Yahoo! Inc. ‘s shares are down significantly over the last one year. But when you consider a 5-year horizon, the stock is up by more than 165 percent. And this despite any visible signs of growth within the growth! The long-term rise in the stock is largely on account of the soaring valuation of Alibaba Group Holding Ltd . But what went wrong in the past year that Yahoo is trading down 30 percent?
Don’t Let the Short-term Weakness Scare You
The primary reason for Yahoo! Inc. ’s under-performance is the current weakness in the Chinese equity markets. A very large part of Yahoo’s market capitalization is tied to Alibaba Group Holding Ltd , which is essentially a China-focussed company. As such, the sell-off in China is not helping its share price.
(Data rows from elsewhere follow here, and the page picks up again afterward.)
Lemma sum_log_prime_Rpower_le σ N : 1/2 < σ ->
  sum_f_R0 (fun n => log_prime n * Rpower (INR n) (- (2 * σ))) N <= ln 4 / (2 * σ - 1).
Proof.
move=> σ_gt; set b := 2 * σ - 1; have b_pos : 0 < b by rewrite /b; lra.
have -> : ln 4 / b = ln 4 * (Rpower (INR 1) (- b) / b).
  by rewrite /Rpower /= ln_1 Rmult_0_r exp_0 /Rdiv Rmult_1_l.
apply: (sum_abel_le_bound _ _ (fun n => Rpower (INR n) (- b) / b)).
- by rewrite -ln_1; apply: ln_le; lra.
- by rewrite /log_prime.
- by rewrite /log_prime.
- exact: sum_log_prime_le.
- by move=> n; apply: Rlt_le; apply: exp_pos.
- move=> n n_ge1; have n_pos : 0 < INR n by apply: lt_0_INR; apply/ltP.
  rewrite !Rpower_Ropp; apply: Rinv_le_contravar; first exact: exp_pos.
  by apply: Rle_Rpower_l; [lra | rewrite S_INR; lra].
- by move=> n; apply: Rlt_le; apply: Rdiv_lt_0_compat => //; apply: exp_pos.
- move=> [|[|n]] // _; have x_gt1 : 1 < INR n.+2 by apply: (lt_INR 1); apply/ltP.
  have := Rpower_neg_le_sub _ _ x_gt1 b_pos.
  rewrite (_ : 1 + b = 2 * σ); last by rewrite /b; ring.
  rewrite (_ : INR n.+2 - 1 = INR n.+2.-1); last by rewrite [INR n.+2]S_INR /=; ring.
  by rewrite /Rdiv -Rmult_minus_distr_r.
Qed.

Definition g_majorant (σ : R) (n : nat) : R :=
  log_prime n / (Rpower (INR n) σ * (Rpower (INR n) σ - 1)).

Lemma Rpower_gt1 x y : 1 < x -> 0 < y -> 1 < Rpower x y.
Proof. by move=> x_gt1 y_pos; rewrite -(Rpower_O x) //; [apply: Rpower_lt | lra]. Qed.
Lemma sum_residual_ratio_le (eps : R) (c : nat) (a : nat -> R) : 0 < eps ->
  (forall t, (t < c)%N -> a t < 1) ->
  (forall t, (t < c)%N -> a t.+1 = a t \/ eps <= a t.+1 - a t) ->
  \sum_(t < c) Num.min 1 ((a t.+1 - a t) / (1 - a t)) <= 1 + potential eps (1 - a 0%N).
Proof.
move=> eps_gt0; elim: c a => [|c IH] a a_lt1 a_step.
  by rewrite big_ord0; have := potential_ge0 eps (1 - a 0%N); lra.
rewrite big_ord_recl.
have min_le1 : Num.min 1 ((a 1%N - a 0%N) / (1 - a 0%N)) <= 1 by rewrite ge_min lexx.
case: c IH a_lt1 a_step => [|c] IH a_lt1 a_step.
  by rewrite big_ord0 addr0; have := potential_ge0 eps (1 - a 0%N); lra.
have IHa := IH (fun t => a t.+1) (fun t ht => a_lt1 t.+1 ht) (fun t ht => a_step t.+1 ht).
have drop : Num.min 1 ((a 1%N - a 0%N) / (1 - a 0%N)) + potential eps (1 - a 1%N)
              <= potential eps (1 - a 0%N).
  have -> : a 1%N - a 0%N = 1 - a 0%N - (1 - a 1%N) by ring.
  apply: potential_drop => //; first by rewrite subr_gt0; exact: a_lt1.
  by case: (a_step 0%N isT) => [->|]; [left | right; lra].
lra.
Qed.

Lemma potential1_le (eps : R) :
  1 + potential eps 1 <= 3 * Num.max 1 (ln eps^-1).
Proof.
have le1M : 1 <= Num.max 1 (ln eps^-1) by rewrite le_max lexx.
have leLM : ln eps^-1 <= Num.max 1 (ln eps^-1) by rewrite le_max lexx orbT.
by rewrite /potential div1r; case: (leP 0 (1 + ln eps^-1)); lra.
Qed.

End Potential.

Lemma find_iota_spec (P : pred nat) (m : nat) : P m ->
  let k := find P (iota 0 m.+1) in
  [/\ (k <= m)%N, P k & forall k', (k' < k)%N -> ~~ P k'].
Proof.
move=> Pm k.
have hasP : has P (iota 0 m.+1).
  by apply/hasP; exists m; rewrite // mem_iota add0n ltnSn.
have k_lt : (k < m.+1)%N by rewrite -(size_iota 0 m.+1) -has_find.
split => //; first by have := nth_find 0 hasP; rewrite nth_iota.
move=> k' lt_k'k; have := before_find 0 lt_k'k.
by rewrite nth_iota ?add0n => [->|]; last exact: ltn_trans k_lt.
Qed.

Section Prefix.
Variables (m : nat) (p : {perm 'I_m}).

Lemma mem_sf_prefix (t : 'I_m) c : (p t \in sf_prefix p c) = (t < c)%N.
Proof.
apply/imsetP/idP => [[u]|lt_tc]; last by exists t; rewrite ?inE.
by rewrite inE => lt_uc /perm_inj ->.
Qed.

Lemma sf_prefix_subset c c' : (c <= c')%N -> sf_prefix p c \subset sf_prefix p c'.
Proof.
move=> le_cc'; apply/subsetP => j /imsetP [u]; rewrite inE => lt_uc ->.
by rewrite mem_sf_prefix (leq_trans lt_uc).
Qed.

Lemma sf_prefix0 : sf_prefix p 0 = set0.
Proof. by apply/setP => j; rewrite inE -(permKV p j) mem_sf_prefix ltn0. Qed.

Lemma sf_prefix_full : sf_prefix p m = [set: 'I_m].
Proof. by apply/setP => j; rewrite inE -(permKV p j) mem_sf_prefix ltn_ord. Qed.

Lemma sf_prefixS (t : 'I_m) : sf_prefix p t.+1 = sf_prefix p t :|: [set p t].
Proof.
apply/setP => j; rewrite !inE -(permKV p j) !mem_sf_prefix (inj_eq perm_inj).
by rewrite ltnS leq_eqVlt orbC.
Qed.

Lemma big_sf_prefix (R : realType) (F : 'I_m -> R) c :
  \sum_(j in sf_prefix p c) F j = \sum_(u < m | (u < c)%N) F (p u).
Proof.
rewrite big_imset; last by move=> x y _ _ /perm_inj.
by apply: eq_bigl => u; rewrite inE.
Qed.

End Prefix.

Lemma min1_sum_le (R : realType) (I : finType) (P : pred I) (x : I -> R) :
  (forall i, 0 <= x i) ->
  Num.min 1 (\sum_(i | P i) x i) <= \sum_(i | P i) Num.min 1 (x i).
Proof.
move=> x_ge0.
suff [] : 0 <= \sum_(i | P i) x i /\
  Num.min 1 (\sum_(i | P i) x i) <= \sum_(i | P i) Num.min 1 (x i) by [].
apply: (big_ind2 (fun a b => 0 <= a /\ Num.min 1 a <= b)) => //.
move=> a1 b1 a2 b2 [a1_ge0 le1] [a2_ge0 le2]; split; first exact: addr_ge0.
suff : Num.min 1 (a1 + a2) <= Num.min 1 a1 + Num.min 1 a2 by lra.
by case: (leP a1 1); case: (leP a2 1); case: (leP (a1 + a2) 1); lra.
Qed.

Section SetFunction.
Variables (R : realType) (m : nat) (g : {set 'I_m} -> R).
Implicit Types (S T A : {set 'I_m}) (j : 'I_m).
Hypothesis g_mono : sf_monotone g.

Lemma marginal_ge0 S j : 0 <= marginal g S j.
Proof. by rewrite subr_ge0; apply/g_mono/subsetUl. Qed.

Lemma aru_P_ge0 S j : 0 <= aru_P g S j.
Proof.
rewrite /aru_P; case: ifPn => // /negP g_lt1; rewrite le_min ler01 /=.
by rewrite divr_ge0 ?marginal_ge0 // subr_ge0 ltW // ltNge; apply/negP.
Qed.

Lemma aru_P_mem S j : j \in S -> aru_P g S j = 0.
Proof.
move=> jS; rewrite /aru_P /marginal (setUidPl _) ?sub1set //.
by case: ifP => // _; rewrite subrr mul0r min_r.
Qed.

Lemma aru_P_covered S j : 1 <= g S -> aru_P g S j = 0.
Proof. by rewrite /aru_P => ->. Qed.

Hypothesis g_sub : sf_submodular g.

Lemma marginal_antitone S T j : S \subset T -> marginal g T j <= marginal g S j.
Proof.
move=> sST; have := g_sub (S :|: [set j]) T.
have -> : S :|: [set j] :|: T = T :|: [set j].
  by rewrite setUAC (setUidPr sST).
have : g S <= g ((S :|: [set j]) :&: T) by apply: g_mono; rewrite subsetI subsetUl.
rewrite /marginal; lra.
Qed.

Lemma gain_le_sum_marginal S A :
  g (S :|: A) - g S <= \sum_(j in A) marginal g S j.
Proof.
rewrite -big_enum -{1}[A]set_enum; elim: (enum A) => [|j s IH].
  have -> : [set x in [::]] = set0 :> {set 'I_m} by apply/setP => x; rewrite !inE.
  by rewrite setU0 subrr big_nil.
have -> : S :|: [set x in j :: s] = S :|: [set x in s] :|: [set j].
  by apply/setP => x; rewrite !inE; case: (x \in S); case: (x == j); case: (x \in s).
rewrite big_cons; have := @marginal_antitone S (S :|: [set x in s]) j (subsetUl _ _).
rewrite /marginal /= in IH *; lra.
Qed.

Lemma sum_aru_P_ge1 S A : g S < 1 -> 1 <= g A -> 1 <= \sum_(j in A) aru_P g S j.
Proof.
move=> gS_lt1 gA_ge1; have res_gt0 : 0 < 1 - g S by rewrite subr_gt0.
have -> : \sum_(j in A) aru_P g S j =
          \sum_(j in A) Num.min 1 (marginal g S j / (1 - g S)).
  by apply: eq_bigr => j _; rewrite /aru_P ifN // -ltNge.
apply: le_trans _ (min1_sum_le (fun j => j \in A) _); last first.
  by move=> j; rewrite divr_ge0 ?marginal_ge0 ?ltW.
rewrite -mulr_suml le_min lexx ler_pdivlMr // mul1r.
have := gain_le_sum_marginal S A; have : g A <= g (S :|: A) by apply/g_mono/subsetUr.
lra.
Qed.

End SetFunction.

Section CoverTime.
Variables (R : realType) (m : nat) (g : {set 'I_m} -> R) (p : {perm 'I_m}).
Hypotheses (g_norm : sf_normalized g) (g_mono : sf_monotone g)
  (g_full : 1 <= g [set: 'I_m]).

Let covered c := 1 <= g (sf_prefix p c).

Lemma cover_time_le : (cover_time g p <= m)%N.
Proof.
have covered_m : covered m by rewrite /covered sf_prefix_full.
by have [] := find_iota_spec covered_m.
Qed.

Lemma cover_time_gt t : (t < cover_time g p)%N = (g (sf_prefix p t) < 1).
Proof.
have covered_m : covered m by rewrite /covered sf_prefix_full.
have [_ covered_c before_c] := find_iota_spec covered_m.
rewrite ltNge; apply/idP/idP => [/before_c //|uncovered_t].
rewrite ltnNge; apply: contra uncovered_t => le_ct.
exact: le_trans covered_c (g_mono (sf_prefix_subset p le_ct)).
Qed.

Lemma cover_time_gt0 : (0 < cover_time g p)%N.
Proof. by rewrite cover_time_gt sf_prefix0 g_norm ltr01. Qed.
Another factor playing in the minds of investors is the potential US Internal Revenue Service risk. Will the spin-off hit a snag? Fears were reinforced following a statement from an IRS official that cast doubt on Yahoo! Inc. ‘s plans for a tax-free spin-off. Many shareholders, who had acquired Yahoo, hoping they would get a tax-free payout once the spin-off closes, were forced to offload their positions.
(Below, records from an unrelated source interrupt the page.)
(* Let $f$ be a generalized timelike minimal surface with real Weierstrass data $(g_1,g_2,\hat{\omega}_1du,\hat{\omega}_2dv)$, and let $p$ be a singular point with $\hat\omega_1\hat\omega_2(p)=0$ and $\operatorname{rank}(df_p)=1$. Then: (i) If $\hat\omega_1(p)=0$, then $f$ is a front at $p$ if and only if $(g_1)_u(p)\neq0$; if $\hat\omega_2(p)=0$, then $f$ is a front at $p$ if and only if $(g_2)_v(p)\neq0$. (ii) If $\hat\omega_1(p)=0$, then $p$ is non-degenerate if and only if $(\hat\omega_1)_u(p)\neq0$ and $g_1g_2(p)\neq1$; if $\hat\omega_2(p)=0$, then $p$ is non-degenerate if and only if $(\hat\omega_2)_v(p)\neq0$ and $g_1g_2(p)\neq1$.
   Context: $\mathbb{L}^3$ is $\mathbb{R}^3$ with the Lorentzian metric $\langle\,,\rangle=-dt^2+dx^2+dy^2$. A generalized timelike minimal surface is a non-constant smooth map $f\colon\Sigma\to\mathbb{L}^3$ from a 2-manifold which is an immersion on an open dense subset and such that near each point there are local coordinates $(u,v)$ with $\langle f_u,f_u\rangle=\langle f_v,f_v\rangle=0$ and $f_{uv}=0$. In such coordinates $f(u,v)=\tfrac12\int_{u_0}^u(-1-g_1^2,1-g_1^2,2g_1)\hat{\omega}_1du+\tfrac12\int_{v_0}^v(1+g_2^2,1-g_2^2,-2g_2)\hat{\omega}_2dv+f(u_0,v_0)$, with $g_1,\hat\omega_1$ functions of $u$ and $g_2,\hat\omega_2$ functions of $v$; this quadruple is the real Weierstrass data. Standing assumption: $g_1,g_2$ take finite real values at every singular point (point where $f$ is not an immersion). Such $f$ is a frontal with unit normal $n=(g_1+g_2,\,-g_1+g_2,\,1+g_1g_2)/\sqrt{(1-g_1g_2)^2+2(g_1+g_2)^2}$ (Euclidean-orthogonal to $df$); $f$ is a front at $p$ if $(f,n)$ is an immersion at $p$. The signed area density is $\lambda=\det(f_u,f_v,n)$, and a singular point $p$ is non-degenerate if $d\lambda_p\neq0$. *)

From HB Require Import structures.
From mathcomp Require Import all_boot all_order all_algebra.
From mathcomp Require Import all_classical all_reals all_analysis.
Set Implicit Arguments. Unset Strict Implicit. Unset Printing Implicit Defensive.
Import Order.TTheory GRing.Theory Num.Theory.
Import numFieldNormedType.Exports.
Local Open Scope classical_set_scope.
Local Open Scope ring_scope.

Section Defs.
Variable R : realType.

Definition vec3 (a b c : R) : 'rV[R]_3 := \row_(j < 3) [:: a; b; c]`_j.
Definition pt2 (u v : R) : 'rV[R]_2 := \row_(j < 2) [:: u; v]`_j.
Definition e_u : 'rV[R]_2 := pt2 1 0.
Definition e_v : 'rV[R]_2 := pt2 0 1.

Definition smooth_on (A : set R) (g : R -> R) :=
  forall (n : nat) (x : R), A x -> derivable (derive1n n g) x 1.

Definition immersion_at (m : nat) (h : 'rV[R]_2 -> 'rV[R]_m) (q : 'rV[R]_2) :=
  differentiable h q /\ injective ('d h q).

(* the two null curve directions appearing in the real Weierstrass formula *)
Definition wdir1 (g : R) : 'rV[R]_3 := vec3 (-1 - g ^+ 2) (1 - g ^+ 2) (2 * g).
Definition wdir2 (g : R) : 'rV[R]_3 := vec3 (1 + g ^+ 2) (1 - g ^+ 2) (- (2 * g)).

Definition unit_normal (g1 g2 : R -> R) (q : 'rV[R]_2) : 'rV[R]_3 :=
  let a := g1 (q 0 0) in let b := g2 (q 0 1) in
  (Num.sqrt ((1 - a * b) ^+ 2 + 2 * (a + b) ^+ 2))^-1 *: vec3 (a + b) (- a + b) (1 + a * b).

Definition mx3 (x y z : 'rV[R]_3) : 'M[R]_3 :=
  \matrix_(i < 3, j < 3) [:: x 0 j; y 0 j; z 0 j]`_i.

Definition area_density (f : 'rV[R]_2 -> 'rV[R]_3) (n : 'rV[R]_2 -> 'rV[R]_3)
  (q : 'rV[R]_2) : R :=
  \det (mx3 ('D_e_u f q) ('D_e_v f q) (n q)).

Definition front_at (f n : 'rV[R]_2 -> 'rV[R]_3) (p : 'rV[R]_2) :=
  immersion_at (fun q => row_mx (f q) (n q)) p.

Definition nondegenerate_at (f n : 'rV[R]_2 -> 'rV[R]_3) (p : 'rV[R]_2) :=
  differentiable (area_density f n) p /\
  exists w : 'rV[R]_2, 'd (area_density f n) p w != 0.

Definition rect (a1 b1 a2 b2 : R) : set 'rV[R]_2 :=
  fun q => (q 0 0 \in `]a1, b1[) /\ (q 0 1 \in `]a2, b2[).

End Defs.

(* Near p the Weierstrass formula gives f_u = (w1/2) wdir1(g1) and f_v = (w2/2) wdir2(g2),
   and n(u, v) = N(g1 u, g2 v) for N(a, b) the normalization of (a + b, - a + b, 1 + ab);
   rank df_p = 1 forbids w1(p) = w2(p) = 0. If w1(p) = 0, then f_u = 0 and f_v <> 0, so
   d(f, n)_p is injective iff n_u = (g1)_u dN/da <> 0, and dN/da never vanishes. Since
   wdir1 a x wdir2 b is parallel to N(a, b), the signed area density is
   lambda = w1 w2 (g1 g2 - 1) |(g1 + g2, - g1 + g2, 1 + g1 g2)| / 2, so at p its only
   possibly non-zero partial derivative is lambda_u = (w1)_u w2 (g1 g2 - 1) |...| / 2.
   The case w2(p) = 0 is symmetric. *)

From HB Require Import structures.
From mathcomp Require Import all_boot all_order all_algebra.
From mathcomp Require Import all_classical all_reals all_analysis.
From mathcomp Require Import ring lra.
Set Implicit Arguments. Unset Strict Implicit. Unset Printing Implicit Defensive.
Import Order.TTheory GRing.Theory Num.Theory.
Import numFieldNormedType.Exports.
Local Open Scope classical_set_scope.
Local Open Scope ring_scope.

Section TwoVectors.
Variable K : fieldType.

Definition free2 {W : lmodType K} (A B : W) :=
  forall s t : K, s *: A + t *: B = 0 -> s = 0 /\ t = 0.

Lemma free2C (W : lmodType K) (A B : W) : free2 A B <-> free2 B A.
Proof. by split=> AB s t; rewrite addrC => /AB []. Qed.

Lemma free2_row_mx0 m n (x : 'rV[K]_m) (a b : 'rV[K]_n) :
  x != 0 -> free2 (row_mx 0 a) (row_mx x b) <-> a != 0.
Proof.
move=> x0; split=> [ab|a0 s t].
  apply/eqP => a_eq0; have [] := ab 1 0; last by move/eqP; rewrite oner_eq0.
  by rewrite a_eq0 row_mx0 scaler0 scale0r addr0.
rewrite !scale_row_mx add_row_mx scaler0 add0r -row_mx0 => /eq_row_mx [/eqP tx /eqP].
move: tx; rewrite scaler_eq0 (negbTE x0) orbF => /eqP t0.
by rewrite t0 scale0r addr0 scaler_eq0 (negbTE a0) orbF => /eqP.
Qed.

End TwoVectors.

Section Plane.
Variable R : realType.
Local Notation e_u := (e_u R).
Local Notation e_v := (e_v R).

Lemma pt2_0 (u v : R) : pt2 u v 0 0 = u. Proof. by rewrite mxE. Qed.
Lemma pt2_1 (u v : R) : pt2 u v 0 1 = v. Proof. by rewrite mxE. Qed.

Lemma pt2_coord (q : 'rV[R]_2) : pt2 (q 0 0) (q 0 1) = q.
Proof. by apply/rowP => -[[|[|//]] i]; rewrite mxE /=; congr (q 0 _); apply: val_inj. Qed.

Lemma pt2_decomp (h : 'rV[R]_2) : h = h 0 0 *: e_u + h 0 1 *: e_v.
Proof.
apply/rowP => -[[|[|//]] i]; rewrite !mxE /= ?mulr1 ?mulr0 ?addr0 ?add0r;
  by congr (h 0 _); apply: val_inj.
Qed.

Lemma linear_rV2E (W : lmodType R) (L : {linear 'rV[R]_2 -> W}) h :
  L h = h 0 0 *: L e_u + h 0 1 *: L e_v.
Proof. by rewrite {1}(pt2_decomp h) linearD !linearZ. Qed.

Lemma linear_rV2_injective (W : lmodType R) (L : {linear 'rV[R]_2 -> W}) :
  injective L <-> free2 (L e_u) (L e_v).
Proof.
split=> [Linj s t st0|free h1 h2 L12].
  have /Linj/rowP Lst0 : L (pt2 s t) = L 0 by rewrite linear_rV2E !pt2_0 !pt2_1 st0 linear0.
  by split; [move: (Lst0 0) | move: (Lst0 1)]; rewrite !mxE.
have [d0 d1] : (h1 - h2) 0 0 = 0 /\ (h1 - h2) 0 1 = 0.
  by apply: free; rewrite -linear_rV2E linearB L12 subrr.
by apply/eqP; rewrite -subr_eq0 [h1 - h2]pt2_decomp d0 d1 !scale0r addr0.
Qed.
Yahoo currently has a $35 billion market cap: $30 billion for Alibaba Group Holding Ltd and $5 billion for Yahoo core. But what about Yahoo! Japan (at $9 billion approx), and cash holdings of $7 billion? That roughly adds up to $16 billion of assets, which are completely unaccounted for.
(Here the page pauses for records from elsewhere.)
Lemma mobius_primeM p e : prime p -> 0 < e -> ~~ (p %| e) ->
  mobius (p * e) = (- mobius e)%R.
Proof.
move=> p_pr e_gt0 p_ndvd_e; have p_gt0 := prime_gt0 p_pr.
have pe_gt0 : 0 < p * e by rewrite muln_gt0 p_gt0.
have primes_pe : perm_eq (primes (p * e)) (p :: primes e).
  apply: uniq_perm; rewrite /= ?primes_uniq ?mem_primes ?(negbTE p_ndvd_e) ?andbF //.
  by move=> r; rewrite primesM // primes_prime // !inE.
rewrite /mobius !eqn0Ngt pe_gt0 e_gt0 /= (perm_size primes_pe) (perm_all _ primes_pe) /=.
rewrite lognM // logn_prime // eqxx logn_coprime ?prime_coprime //=.
rewrite (@eq_in_all _ _ (fun r => logn r e == 1%N)); last first.
  move=> r; rewrite mem_primes => /and3P[_ _ r_dvd_e] /=.
  rewrite lognM // logn_prime //; case: (eqVneq r p) => [r_eq_p | _] //.
  by rewrite -r_eq_p r_dvd_e in p_ndvd_e.
by case: all; rewrite ?oppr0 // exprS mulN1r.
Qed.

Lemma mobius_primeM_dvd p e : prime p -> 0 < e -> p %| e ->
  mobius (p * e) = 0%R.
Proof.
move=> p_pr e_gt0 p_dvd_e; have p_gt0 := prime_gt0 p_pr.
have pe_gt0 : 0 < p * e by rewrite muln_gt0 p_gt0.
rewrite /mobius eqn0Ngt pe_gt0 /=; case: allP => // /(_ p) /=.
rewrite mem_primes p_pr pe_gt0 dvdn_mulr // lognM // logn_prime // eqxx => /(_ isT).
have : 0 < logn p e by rewrite logn_gt0 mem_primes p_pr e_gt0 p_dvd_e.
by case: (logn p e).
Qed.

Lemma sum_mobius_divisors k : 0 < k ->
  (\sum_(d <- divisors k) mobius d = (k == 1%N)%:R)%R.
Proof.
move=> k_gt0; have [-> | k_neq1] := eqVneq k 1%N; first by rewrite big_seq1.
have k_gt1 : 1 < k by rewrite ltn_neqAle eq_sym k_neq1.
have [p p_pr p_dvd_k] : exists2 p, prime p & p %| k.
  by exists (pdiv k); rewrite ?pdiv_prime ?pdiv_dvd.
have p_gt0 := prime_gt0 p_pr.
have [k' k_def] : exists k', k = p * k'.
  by case/dvdnP: p_dvd_k => k' ->; exists k'; rewrite mulnC.
have k'_gt0 : 0 < k' by move: k_gt0; rewrite k_def muln_gt0 => /andP[].
have divs_p : perm_eq [seq d <- divisors k | p %| d] [seq p * e | e <- divisors k'].
  apply: uniq_perm; rewrite ?filter_uniq ?divisors_uniq //.
    by rewrite map_inj_uniq ?divisors_uniq // => x y /eqP; rewrite eqn_pmul2l // => /eqP.
  move=> d; rewrite mem_filter -dvdn_divisors //; apply/andP/mapP => [[] | [e]].
    case/dvdnP=> e -> ; rewrite k_def mulnC dvdn_pmul2l // => e_dvd_k'.
    by exists e; [rewrite -dvdn_divisors | rewrite mulnC].
  rewrite -dvdn_divisors // => e_dvd_k' ->.
  by rewrite dvdn_mulr // k_def dvdn_pmul2l.
have sum_np : (\sum_(d <- divisors k | ~~ (p %| d)%N) mobius d =
                \sum_(d <- divisors k' | ~~ (p %| d)%N) mobius d)%R.
  rewrite -[LHS]big_filter -[RHS]big_filter; apply/perm_big/uniq_perm.
  - by rewrite filter_uniq ?divisors_uniq.
  - by rewrite filter_uniq ?divisors_uniq.
  move=> d; rewrite !mem_filter -!dvdn_divisors //; apply: andb_id2l => p_ndvd_d.
  by rewrite k_def Gauss_dvdr // coprime_sym prime_coprime.
rewrite (bigID (dvdn p)) /= sum_np -big_filter (perm_big _ divs_p) big_map.
rewrite (bigID (dvdn p)) /= big_seq_cond big1 => [|e]; last first.
  rewrite -dvdn_divisors // => /andP[e_dvd_k' p_dvd_e].
  exact: mobius_primeM_dvd (dvdn_gt0 k'_gt0 e_dvd_k') p_dvd_e.
rewrite add0r -big_split /= big_seq_cond big1 // => e.
rewrite -dvdn_divisors // => /andP[e_dvd_k' p_ndvd_e].
by rewrite mobius_primeM ?addNr // (dvdn_gt0 k'_gt0 e_dvd_k').
Qed.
What’s even more important is that those unaccounted assets will be far more valuable to Yahoo post the spin-off, when it becomes a $5 billion company, compared to today’s $35 billion market capitalization.
Yahoo Core is Worth Much More
Yahoo! Inc. ‘s core operations are a complicated mix of both strong and weak businesses. PC advertising and display have been a drag for quite some time. However, performances of the mobile and video segment have been encouraging. Yahoo’s total revenue during the last reported quarter was flat, but revenue from mobile, video and native advertising soared 60 percent to $399 million, representing 35 percent of the company’s traffic-driven GAAP revenue.
Unfortunately, because these fast-growing businesses are tangled with Yahoo’s weak assets, most analysts on Wall Street peg the core business at about $5 billion. But by next year, once the spin-off is done and Yahoo becomes a much smaller entity, investors will hopefully realize the potential of these businesses to drive revenue growth.
Whatever be the Street outlook, the fact of the matter is that Yahoo! Inc. ‘s assets excluding Alibaba are much undervalued. Even by the most conservative estimates, the value of sum of all its parts well exceeds Yahoo’s current market cap. Sooner or later, that value will get reflected in its stock price. Whether that happens before the spin-off or after is anybody’s guess.